**Task to complete**
Reproduce the listing below in its entirety. Change nothing.
[Extracted information]
Lemma polar_map_fixed h k : s h = h -> polar_map h k = k ->
  s k = k /\ q (q (s k) h) k = 0.
Proof.
move=> sh fixk; set Q := q (q (s k) h) k.
have sQ : s Q = Q by rewrite /Q !cstar_qmul sh cstarK qmulA.
have sk : s k = k.
  rewrite -{1}fixk /polar_map cstarZ conj_Creal ?complex_real //.
  by rewrite cstarB cstarD cstarK sQ (addrC k).
split=> //; move/(congr1 (fun x => 2%:C *: x)): fixk.
rewrite /polar_map scalerA -rmorphM mulfV ?pnatr_eq0 // scale1r rmorph_nat scaler_nat mulr2n sk.
by rewrite -[RHS]addr0 /Q sk => /addrI /eqP; rewrite oppr_eq0 => /eqP.
Qed.

Section PolarMapContraction.
Variables (h : V) (d : R).
Hypotheses (d_ge0 : 0 <= d) (d_small : d <= 8^-1) (h_le : rnorm h <= d).

(* [lra] and [nra] ignore section hypotheses, hence the explicit [have := ...]. *)

Let d_sq : d ^+ 2 <= d / 8.
Proof. by rewrite expr2 ler_wpM2l. Qed.

Let rnorm_polar_map k :
  rnorm (polar_map h k) = 2^-1 * rnorm (m (s k) (q h k) + m h k - h).
Proof. by rewrite /polar_map rnormZ polar_mapE ger0_norm. Qed.

Let rnorm_qmul_h k : rnorm k <= 2 * d -> rnorm (q h k) <= 3 * d + 2 * d ^+ 2.
Proof.
move=> k_le; have := rnorm_qmul h k.
have := ler_pM (addr_ge0 ler01 (rnorm_ge0 h)) (addr_ge0 ler01 (rnorm_ge0 k))
  (lerD (lexx 1) h_le) (lerD (lexx 1) k_le).
lra.
Qed.

Lemma polar_map_ball k : rnorm k <= 2 * d -> rnorm (polar_map h k) <= 2 * d.
Proof.
move=> k_le; rewrite rnorm_polar_map.
have sk_le : rnorm (s k) <= 2 * d by rewrite rnorm_cstar.
have := ler_rnormDB (m (s k) (q h k)) (m h k) h.
have := rnormM_le sk_le (rnorm_qmul_h k_le); have := rnormM_le h_le k_le.
have := ler_wpM2l d_ge0 d_sq; have := d_sq; have := d_small; have := d_ge0; have := h_le.
lra.
Qed.

Lemma polar_map_contraction k1 k2 : rnorm k1 <= 2 * d -> rnorm k2 <= 2 * d ->
  rnorm (polar_map h k1 - polar_map h k2) <= 2^-1 * rnorm (k1 - k2).
Proof.
move=> k1_le k2_le; rewrite /polar_map -scalerBr rnormZ !polar_mapE sub_addB subrr subr0.
rewrite ger0_norm // ler_wpM2l // -cmulBr; apply: le_trans (ler_rnormD _ _) _.
have := rnorm_cmulB (s k1) (q h k1) (s k2) (q h k2); rewrite -cstarB !rnorm_cstar.
have := rnorm_qmulB h k1 h k2; rewrite subrr rnorm0 mul0r add0r.
have := rnormM h (k1 - k2); have := rnorm_qmul_h k1_le.
have := rnorm_ge0 (q h k1 - q h k2); have := rnorm_ge0 (k1 - k2).
have := d_sq; have := d_small; have := d_ge0; have := h_le.
nra.
Qed.

End PolarMapContraction.

Lemma quasi_unitary_near a d : 0 <= d -> d <= 100^-1 -> rnorm a <= 2 ->
  rnorm (q a (s a)) <= d -> rnorm (q (s a) a) <= d ->
  exists2 u, quasi_unitary A u & rnorm (u - a) <= 6 * d.
Proof.
move=> d_ge0 d_le a_le aa_le h_le; set h := q (s a) a in h_le.
have sh : s h = h by rewrite cstar_qmul cstarK.
have d8 : d <= 8^-1 by lra.
have half_ge0 : (0 : R) <= 2^-1 by lra.
have half_lt1 : (2^-1 : R) < 1 by lra.
have [k k_le k_fix] := contraction_fixed_point (mulr_ge0 (ler0n R 2) d_ge0)
  half_ge0 half_lt1 (polar_map_ball d_ge0 d8 h_le) (polar_map_contraction d_ge0 d8 h_le).
have [_ k_null] := polar_map_fixed sh k_fix.
have u_a : rnorm (q a k - a) <= 6 * d.
  have := rnorm_qmulB a k a 0; rewrite qmul0r subrr subr0 rnorm0 mul0r add0r.
  have := ler_pM (addr_ge0 ler01 (rnorm_ge0 a)) (rnorm_ge0 k) (lerD (lexx 1) a_le) k_le.
  lra.
exists (q a k) => //; set u := q a k in u_a *.
have u_le : rnorm u <= 3.
  rewrite -(subrK a u); apply: le_trans (ler_rnormD _ _) _; lra.
apply: quasi_isometry_unitary.
  by rewrite cstar_qmul qmulA -(qmulA (s a) a k) -qmulA.
rewrite -(subrK (q a (s a)) (q u (s u))); apply: le_lt_trans (ler_rnormD _ _) _.
have := rnorm_qmulB u (s u) a (s a); rewrite -cstarB !rnorm_cstar.
have := ler_wpM2l (rnorm_ge0 (u - a)) (lerD (lexx 1) u_le).
have := ler_wpM2r (rnorm_ge0 (u - a)) (lerD (lexx 1) a_le).
have := rnorm_ge0 (u - a); nra.
Qed.

End CstarAlgebra.

Theorem lemma2p4 (R : realType) (eps : R) (N : nat) : 0 < eps ->
  exists delta : R, 0 < delta /\
    forall (V : completeNormedModType R[i]) (A : cstar_alg V) (a : V),
      `|a| <= 2 ->
      `|qmul A a (cstar A a)| < delta%:C ->
      `|qmul A (cstar A a) a| < delta%:C ->
      exists u : V, quasi_unitary A u /\
        `|mu A N u - mu A N a| < eps%:C.
Proof.
move=> eps_gt0; pose c : R := N%:R * 4 ^+ N.
have c_ge0 : 0 <= c by rewrite mulr_ge0 ?exprn_ge0.
pose delta := Num.min (100^-1) (eps / (6 * (c + 1))).
have delta_gt0 : 0 < delta by rewrite lt_min invr_gt0 ltr0n divr_gt0 ?mulr_gt0 ?ltr_wpDl.
have delta_le : delta <= 100^-1 by rewrite ge_min lexx.
have delta_eps : 6 * c * delta < eps.
  have : delta <= eps / (6 * (c + 1)) by rewrite ge_min lexx orbT.
  rewrite ler_pdivlMr ?mulr_gt0 ?ltr_wpDl //; nra.
exists delta; split=> // V A a a_le; rewrite !rnorm_lt => aa hh.
have {}a_le : rnorm a <= 2 by rewrite -rnorm_le rmorph_nat.
have [u uU u_a] := quasi_unitary_near (ltW delta_gt0) delta_le a_le (ltW aa) (ltW hh).
exists u; split=> //; rewrite rnorm_lt.
have u_le : rnorm u <= 3.
  rewrite -(subrK a u); apply: le_trans (ler_rnormD _ _) _; lra.
have a_le3 : rnorm a <= 3 by lra.
apply: le_lt_trans (rnorm_muB A N u_le a_le3) _.
rewrite (_ : 1 + 3 = 4) -/c; last by lra.
by apply: le_lt_trans delta_eps; have := ler_wpM2l c_ge0 u_a; lra.
Qed.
[/Extracted information]
**Written answer**
Lemma polar_map_fixed h k : s h = h -> polar_map h k = k ->
  s k = k /\ q (q (s k) h) k = 0.
Proof.
move=> sh fixk; set Q := q (q (s k) h) k.
have sQ : s Q = Q by rewrite /Q !cstar_qmul sh cstarK qmulA.
have sk : s k = k.
  rewrite -{1}fixk /polar_map cstarZ conj_Creal ?complex_real //.
  by rewrite cstarB cstarD cstarK sQ (addrC k).
split=> //; move/(congr1 (fun x => 2%:C *: x)): fixk.
rewrite /polar_map scalerA -rmorphM mulfV ?pnatr_eq0 // scale1r rmorph_nat scaler_nat mulr2n sk.
by rewrite -[RHS]addr0 /Q sk => /addrI /eqP; rewrite oppr_eq0 => /eqP.
Qed.

Section PolarMapContraction.
Variables (h : V) (d : R).
Hypotheses (d_ge0 : 0 <= d) (d_small : d <= 8^-1) (h_le : rnorm h <= d).

(* [lra] and [nra] ignore section hypotheses, hence the explicit [have := ...]. *)

Let d_sq : d ^+ 2 <= d / 8.
Proof. by rewrite expr2 ler_wpM2l. Qed.

Let rnorm_polar_map k :
  rnorm (polar_map h k) = 2^-1 * rnorm (m (s k) (q h k) + m h k - h).
Proof. by rewrite /polar_map rnormZ polar_mapE ger0_norm. Qed.

Let rnorm_qmul_h k : rnorm k <= 2 * d -> rnorm (q h k) <= 3 * d + 2 * d ^+ 2.
Proof.
move=> k_le; have := rnorm_qmul h k.
have := ler_pM (addr_ge0 ler01 (rnorm_ge0 h)) (addr_ge0 ler01 (rnorm_ge0 k))
  (lerD (lexx 1) h_le) (lerD (lexx 1) k_le).
lra.
Qed.

Lemma polar_map_ball k : rnorm k <= 2 * d -> rnorm (polar_map h k) <= 2 * d.
Proof.
move=> k_le; rewrite rnorm_polar_map.
have sk_le : rnorm (s k) <= 2 * d by rewrite rnorm_cstar.
have := ler_rnormDB (m (s k) (q h k)) (m h k) h.
have := rnormM_le sk_le (rnorm_qmul_h k_le); have := rnormM_le h_le k_le.
have := ler_wpM2l d_ge0 d_sq; have := d_sq; have := d_small; have := d_ge0; have := h_le.
lra.
Qed.

Lemma polar_map_contraction k1 k2 : rnorm k1 <= 2 * d -> rnorm k2 <= 2 * d ->
  rnorm (polar_map h k1 - polar_map h k2) <= 2^-1 * rnorm (k1 - k2).
Proof.
move=> k1_le k2_le; rewrite /polar_map -scalerBr rnormZ !polar_mapE sub_addB subrr subr0.
rewrite ger0_norm // ler_wpM2l // -cmulBr; apply: le_trans (ler_rnormD _ _) _.
have := rnorm_cmulB (s k1) (q h k1) (s k2) (q h k2); rewrite -cstarB !rnorm_cstar.
have := rnorm_qmulB h k1 h k2; rewrite subrr rnorm0 mul0r add0r.
have := rnormM h (k1 - k2); have := rnorm_qmul_h k1_le.
have := rnorm_ge0 (q h k1 - q h k2); have := rnorm_ge0 (k1 - k2).
have := d_sq; have := d_small; have := d_ge0; have := h_le.
nra.
Qed.

End PolarMapContraction.

Lemma quasi_unitary_near a d : 0 <= d -> d <= 100^-1 -> rnorm a <= 2 ->
  rnorm (q a (s a)) <= d -> rnorm (q (s a) a) <= d ->
  exists2 u, quasi_unitary A u & rnorm (u - a) <= 6 * d.
Proof.
move=> d_ge0 d_le a_le aa_le h_le; set h := q (s a) a in h_le.
have sh : s h = h by rewrite cstar_qmul cstarK.
have d8 : d <= 8^-1 by lra.
have half_ge0 : (0 : R) <= 2^-1 by lra.
have half_lt1 : (2^-1 : R) < 1 by lra.
have [k k_le k_fix] := contraction_fixed_point (mulr_ge0 (ler0n R 2) d_ge0)
  half_ge0 half_lt1 (polar_map_ball d_ge0 d8 h_le) (polar_map_contraction d_ge0 d8 h_le).
have [_ k_null] := polar_map_fixed sh k_fix.
have u_a : rnorm (q a k - a) <= 6 * d.
  have := rnorm_qmulB a k a 0; rewrite qmul0r subrr subr0 rnorm0 mul0r add0r.
  have := ler_pM (addr_ge0 ler01 (rnorm_ge0 a)) (rnorm_ge0 k) (lerD (lexx 1) a_le) k_le.
  lra.
exists (q a k) => //; set u := q a k in u_a *.
have u_le : rnorm u <= 3.
  rewrite -(subrK a u); apply: le_trans (ler_rnormD _ _) _; lra.
apply: quasi_isometry_unitary.
  by rewrite cstar_qmul qmulA -(qmulA (s a) a k) -qmulA.
rewrite -(subrK (q a (s a)) (q u (s u))); apply: le_lt_trans (ler_rnormD _ _) _.
have := rnorm_qmulB u (s u) a (s a); rewrite -cstarB !rnorm_cstar.
have := ler_wpM2l (rnorm_ge0 (u - a)) (lerD (lexx 1) u_le).
have := ler_wpM2r (rnorm_ge0 (u - a)) (lerD (lexx 1) a_le).
have := rnorm_ge0 (u - a); nra.
Qed.

End CstarAlgebra.

Theorem lemma2p4 (R : realType) (eps : R) (N : nat) : 0 < eps ->
  exists delta : R, 0 < delta /\
    forall (V : completeNormedModType R[i]) (A : cstar_alg V) (a : V),
      `|a| <= 2 ->
      `|qmul A a (cstar A a)| < delta%:C ->
      `|qmul A (cstar A a) a| < delta%:C ->
      exists u : V, quasi_unitary A u /\
        `|mu A N u - mu A N a| < eps%:C.
Proof.
move=> eps_gt0; pose c : R := N%:R * 4 ^+ N.
have c_ge0 : 0 <= c by rewrite mulr_ge0 ?exprn_ge0.
pose delta := Num.min (100^-1) (eps / (6 * (c + 1))).
have delta_gt0 : 0 < delta by rewrite lt_min invr_gt0 ltr0n divr_gt0 ?mulr_gt0 ?ltr_wpDl.
have delta_le : delta <= 100^-1 by rewrite ge_min lexx.
have delta_eps : 6 * c * delta < eps.
  have : delta <= eps / (6 * (c + 1)) by rewrite ge_min lexx orbT.
  rewrite ler_pdivlMr ?mulr_gt0 ?ltr_wpDl //; nra.
exists delta; split=> // V A a a_le; rewrite !rnorm_lt => aa hh.
have {}a_le : rnorm a <= 2 by rewrite -rnorm_le rmorph_nat.
have [u uU u_a] := quasi_unitary_near (ltW delta_gt0) delta_le a_le (ltW aa) (ltW hh).
exists u; split=> //; rewrite rnorm_lt.
have u_le : rnorm u <= 3.
  rewrite -(subrK a u); apply: le_trans (ler_rnormD _ _) _; lra.
have a_le3 : rnorm a <= 3 by lra.
apply: le_lt_trans (rnorm_muB A N u_le a_le3) _.
rewrite (_ : 1 + 3 = 4) -/c; last by lra.
by apply: le_lt_trans delta_eps; have := ler_wpM2l c_ge0 u_a; lra.
Qed.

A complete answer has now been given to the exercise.